1.Asus G551JK-DM053H ROG Series Core i7 (4710HQ) - (15.6 in/1 TB HDD/8 GB/ 2GB ddr3 850m) RS 81,990

2.Asus G551JX-DM036H ROG Series Core i7 (4720HQ) - (15 in /1 TB HDD/16 GB DDR3/ 2GB ddr3 950m) RS 87,990

3.HP Envy 15-k203tx Notebook (5th Gen Ci7 (5500U)/ 8GB/ 1TB/ Win8.1/ 4GB ddr3 850m ) (K8U29PA) RS 79,999

4.Lenovo Y50-70 Notebook (4th Gen Ci7(4710HQ)/ 8GB/ 1TB/ Win8.1/ 4GB ddr5 860m) (59-441908) RS 78,950



Also suggest any other gaming laptop within rs 90,000 that is available in India.

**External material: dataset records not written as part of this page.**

Lemma walk_weightS_true n t a :
  walk_weight n.+1 true t a = (1 - al) * walk_weight n false t a.
Proof.
rewrite /walk_weight /= mulrBl mul1r -mulNr -sum_bits_mulr.
by congr (_ + _); apply: eq_sum_bits => bs _; rewrite /walk_term /= ?exprS mulrA.
Qed.

Lemma walk_weightS_false n t a :
  walk_weight n.+1 false t a = shift (walk_weight n false t) a - al * walk_weight n true t a.
Proof.
rewrite /walk_weight /= -mulNr -sum_bits_mulr; congr (_ + _); last first.
  by apply: eq_sum_bits => bs _; rewrite /walk_term /= exprS mulrA.
case: a => [|a] /=; last by apply: eq_sum_bits => bs _; rewrite /walk_term /= eqSS.
by rewrite -(sum_bits0 _ n); apply: eq_sum_bits => bs _; rewrite /walk_term /= andbF mulr0.
Qed.

(* Cayley-Hamilton for the transfer matrix [[y, -al], [1 - al, 0]], where [y]
   marks an odd gap and multiplication by [y] is [shift]. *)
Lemma trace_weightSS n a :
  trace_weight n.+2 a = shift (trace_weight n.+1) a + al * (al - 1) * trace_weight n a.
Proof.
case: a => [|a]; rewrite /trace_weight;
by rewrite !(walk_weightS_true, walk_weightS_false, shiftS) /=; ring.
Qed.

Lemma trace_weight0 a : trace_weight 0 a = (a == 0%N)%:R *+ 2.
Proof. by rewrite /trace_weight /walk_weight /walk_term /= mul1r mulr2n (eq_sym 0%N). Qed.

Lemma trace_weight1 a : trace_weight 1 a = (a == 1%N)%:R.
Proof.
by rewrite /trace_weight /walk_weight /walk_term /= !mulr0 !addr0 mul1r (eq_sym 1%N).
Qed.

End TransferMatrix.

Lemma Tnum_pascal n m : (0 < n)%N -> Tnum n.+1 m.+1 = (Tnum n m.+1 + Tnum n m)%N.
Proof.
by case: n => [//|n] _; rewrite /Tnum /=; case: m => [|m] /=; rewrite !binS ?bin0; lia.
Qed.

Lemma Tnum_n0 n : (0 < n)%N -> Tnum n.+1 0 = Tnum n 0.
Proof. by case: n => [//|n] _; rewrite /Tnum /= !bin0. Qed.

Lemma Tnum_small n m : (0 < n < m)%N -> Tnum n m = 0%N.
Proof.
case: n => [//|n] /= lt_nm; rewrite /Tnum /=.
by case: m lt_nm => [//|m] lt_nm /=; rewrite !bin_small //; lia.
Qed.

Section ClosedForm.

Variables (R : comPzRingType) (al : R).

Definition closed_form (k a : nat) : R :=
  if (a <= k)%N && (odd a == odd k) then
    (Tnum (k + a)./2 (k - a)./2)%:R * (al * (al - 1)) ^+ (k - a)./2
  else 0.

Lemma closed_formE a m :
  closed_form (a + m.*2) a = (Tnum (a + m) m)%:R * (al * (al - 1)) ^+ m.
Proof.
rewrite /closed_form ifT; last by rewrite leq_addr oddD odd_double addbF eqxx.
have -> : ((a + m.*2 + a)./2 = a + m)%N by lia.
by have -> : ((a + m.*2 - a)./2 = m)%N by lia.
Qed.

P.S. The Asus laptops come with free gaming mouse and headsets. The Hp laptop is touchscreen though it is not a must - have feature for me. The display of Lenovo is quite bad as per some of the reviews that I have read.

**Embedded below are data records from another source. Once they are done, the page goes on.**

(* For $a,b\in\mathbb{C}$ let $X_{a,b}\subset\mathbb{P}^1_x\times\mathbb{P}^1_y\times\mathbb{P}^1_z$ be the surface defined by \[F=Q_a(x_0,x_1,y_0,y_1)z_0^2+(x_0^2y_0^2+x_1^2y_1^2)z_0z_1+Q_b(x_0,x_1,y_0,y_1)z_1^2,\] where $Q_c=x_0^2y_1^2+c\,x_0x_1y_0y_1+x_1^2y_0^2$. Then $X_{a,b}$ is smooth if and only if \[(a^2-4)(b^2-4)(ab-2b-2a+3)(ab+2b+2a+3)(b^2-2ab+a^2+4)\neq0.\]
   Context: $(x_0:x_1),(y_0:y_1),(z_0:z_1)$ are homogeneous coordinates on $\mathbb{P}^1_x,\mathbb{P}^1_y,\mathbb{P}^1_z$. *)

From HB Require Import structures.
From mathcomp Require Import all_boot all_order all_algebra.
From mathcomp Require Import mpoly.
From mathcomp Require Import complex.
From mathcomp Require Import Rstruct.
From Stdlib Require Import Reals.

Set Implicit Arguments.
Unset Strict Implicit.
Unset Printing Implicit Defensive.

Import Order.TTheory GRing.Theory Num.Theory.
Local Open Scope ring_scope.

Definition CC : Type := complex R.

Definition vx0 : {mpoly CC[6]} := 'X_(inord 0).
Definition vx1 : {mpoly CC[6]} := 'X_(inord 1).
Definition vy0 : {mpoly CC[6]} := 'X_(inord 2).
Definition vy1 : {mpoly CC[6]} := 'X_(inord 3).
Definition vz0 : {mpoly CC[6]} := 'X_(inord 4).
Definition vz1 : {mpoly CC[6]} := 'X_(inord 5).

Definition Qc (c : CC) : {mpoly CC[6]} :=
  vx0 ^+ 2 * vy1 ^+ 2 + c%:MP * vx0 * vx1 * vy0 * vy1 + vx1 ^+ 2 * vy0 ^+ 2.

Definition Fab (a b : CC) : {mpoly CC[6]} :=
  Qc a * vz0 ^+ 2 + (vx0 ^+ 2 * vy0 ^+ 2 + vx1 ^+ 2 * vy1 ^+ 2) * vz0 * vz1
  + Qc b * vz1 ^+ 2.

(* A point of P^1_x x P^1_y x P^1_z, given by homogeneous coordinates
   v = (x0,x1,y0,y1,z0,z1) with (x0,x1), (y0,y1), (z0,z1) each nonzero. *)
Definition proj_point (v : 'I_6 -> CC) : Prop :=
  (v (inord 0) != 0 \/ v (inord 1) != 0) /\
  (v (inord 2) != 0 \/ v (inord 3) != 0) /\
  (v (inord 4) != 0 \/ v (inord 5) != 0).

(* Singular point of the hypersurface {F = 0} in P^1 x P^1 x P^1
   (Jacobian criterion): F and all its partial derivatives vanish. *)
Definition singular_point (F : {mpoly CC[6]}) (v : 'I_6 -> CC) : Prop :=
  proj_point v /\ F.@[v] = 0 /\ (forall i : 'I_6, (mderiv i F).@[v] = 0).

Definition smooth_hypersurface (F : {mpoly CC[6]}) : Prop :=
  ~ (exists v : 'I_6 -> CC, singular_point F v).

From HB Require Import structures.
From mathcomp Require Import all_boot all_order all_algebra.
From mathcomp Require Import mpoly complex Rstruct.
From mathcomp Require Import ring.

(* A point is singular iff the six partial derivatives of F vanish there (F
   itself then vanishes by Euler's relation). This system is invariant under
   exchanging the x- and y-factors, under swapping the indices 0 and 1 in both,
   under z0 <-> z1 together with a <-> b, and under x1 |-> -x1 together with
   (a, b) |-> (-a, -b). Up to these symmetries, x0 = 0 forces z0 = z1 = 0, so
   x0, x1, y0, y1 are all nonzero. If z0 = 0 the x-partials give b^2 = 4.
   Otherwise, in the chart x0 = y0 = z0 = 1, the partials in x0 and y0 give
   (1 + Z^2)(Y - X)(Y + X) = 0, and the three cases yield the three remaining
   factors. Conversely every factor comes with an explicit singular point. *)

Set Implicit Arguments.
Unset Strict Implicit.
Unset Printing Implicit Defensive.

All prices are quoted from flipkart.com


I look forward to playing games like watch dogs, call of duty ghosts and advanced warfare, battlefield 4, crysis 2, etc. on decent frame rates. Thanks for your answer and pardon my English :)


FYI, rs 90, 000 = 1400$:rolleyes:

Asoryu
06-05-2015, 11:52 PM
Please choose the best gaming laptop out of the following

1.Asus G551JK-DM053H ROG Series Core i7 (4710HQ) - (15.6 in/1 TB HDD/8 GB/ 2GB ddr3 850m) RS 81,990

2.Asus G551JX-DM036H ROG Series Core i7 (4720HQ) - (15 in /1 TB HDD/16 GB DDR3/ 2GB ddr3 950m) RS 87,990

3.HP Envy 15-k203tx Notebook (5th Gen Ci7 (5500U)/ 8GB/ 1TB/ Win8.1/ 4GB ddr3 850m ) (K8U29PA) RS 79,999

4.Lenovo Y50-70 Notebook (4th Gen Ci7(4710HQ)/ 8GB/ 1TB/ Win8.1/ 4GB ddr5 860m) (59-441908) RS 78,950



Also suggest any other gaming laptop within rs 90,000 that is available in India.

P.S. The Asus laptops come with free gaming mouse and headsets. The Hp laptop is touchscreen though it is not a must - have feature for me. The display of Lenovo is quite bad as per some of the reviews that I have read.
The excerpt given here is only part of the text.